Au futur Secrétaire Général de l'ONU

Par Alain Cappeau, 22/10/2016
 
Lettre ouverte à Monsieur Antonio GUTERRES, futur nouveau Secrétaire général de l’Organisation des Nations Unies
 
En aparté, permettez-moi, cher Monsieur Guterres, de vous appeler Monsieur le Premier Ministre, avant de vous appeler Monsieur le Secrétaire Général des Nations Unies.
 
Cher Monsieur le Premier Ministre,

Vous venez d’être désigné comme successeur de M. Ban Ki Moon au poste de Secrétaire Général de l’ONU, et je vous en félicite. Je vous félicite également pour le travail conséquent que vous avez accompli pendant vos deux mandats comme haut-commissaire des Nations Unies pour les réfugiés, vos résultats parlant pour vous.

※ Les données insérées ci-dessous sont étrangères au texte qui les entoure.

Definition plateaued n (f : bvec n -> bool) : Prop :=
  exists c : R, forall a : bvec n,
    walsh f a = 0 \/ walsh f a = c \/ walsh f a = - c.

Definition epsb n (g : bvec n -> bool) (b : bool) : R :=
  \sum_(a : bvec n | odd (wt a) != b) walsh g a ^+ 2.

End Defs.

(* block indexing for disjoint composition: x^(i)_j = x_{i*l + j} *)
Lemma blk_lt k l (i : 'I_k) (j : 'I_l) : (i * l + j < k * l)%N.
Proof.
have Hj := ltn_ord j; have Hi := ltn_ord i.
apply: (@leq_trans (i * l + l)); first by rewrite ltn_add2l.
by rewrite -mulSnr leq_mul2r Hi orbT.
Qed.

Definition blk k l (i : 'I_k) (j : 'I_l) : 'I_(k * l) := Ordinal (blk_lt i j).

Definition bool_dcomp k l (f : bvec k -> bool) (h : bvec l -> bool)
  (x : bvec (k * l)) : bool :=
  f [ffun i : 'I_k => h [ffun j : 'I_l => x (blk i j)]].

(* g_b on n+1 variables: coordinate ord_max is X_{n+1}, coordinates
   0..n-1 are X_1..X_n *)
Definition gb n (g : bvec n -> bool) (b : bool) (w : bvec n.+1) : bool :=
  let X := w ord_max in
  let y : bvec n := [ffun i : 'I_n => w (widen_ord (leqnSn n) i)] in
  let yc : bvec n := [ffun i : 'I_n => ~~ y i] in
  ((~~ X) && g y) (+) (X && (b (+) g yc)).

Definition acoef (R : realType) n (g : bvec n -> bool) (b : bool) (i : nat) : R :=
  \big[Num.max/0]_(w : bvec n.+1 | wt w == i) walsh R (gb g b) w ^+ 2.

From HB Require Import structures.
From mathcomp Require Import all_boot all_order all_algebra.
From mathcomp Require Import all_classical all_reals all_analysis.
From mathcomp Require Import ring.
Import Order.TTheory GRing.Theory Num.Theory.
Local Open Scope ring_scope.
Set Implicit Arguments. Unset Strict Implicit.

Sur ce, je confesse avec soulagement qu’il était grand temps que votre prédécesseur passât la main, tant il fut controversé - et c’est peu dire - au sein d’une institution qu’il aura durablement délégitimé[e]. «C’est le pire des secrétaires généraux que l’ONU ait connu… c’est un gestionnaire qui peut détruire toute l’ONU», disait de ce monsieur Inga-Britt Ahlenius, ancienne patronne du service interne à l’ONU de lutte contre la corruption, le 14 juillet 2010. Ces propos n’eurent été qu’un épiphénomène, s’ils n’avaient pas été relayés à cette même période par le quotidien britannique « the Independent » qui renchérissait en affirmant « Qu’il ne faudrait pas moins qu’une révolution dans son approche, s’il - M. Ban Ki Moon - voulait mériter un second mandat ». Nonobstant le fait que ce monsieur ait déjà bénéficié des largesses de l’inconséquent Bush Jr pour arracher un premier mandat de secrétaire général de l’ONU, il ne reculera devant aucune imposture universelle, pour s’en faire décerner un second en juin 2011, après avoir paraphé avec un zèle irresponsable en mars 2011, la résolution 1975 qui donnera tous pouvoir à l’exécutif français pour déposer en Côte d’Ivoire un Président démocratiquement élu, une première du genre ! Ce fait d’armes malsain et odieux décrédibilisera pour des lustres à la fois l’ONU et son office de judicature qu’est la Cour Pénale Internationale qui instruit aujourd’hui une procédure clownesque et gesticulatoire à l’encontre du Président ivoirien Laurent Gbagbo. Mais tout cela, Monsieur le Premier Ministre, vous ne l’ignorez certainement pas.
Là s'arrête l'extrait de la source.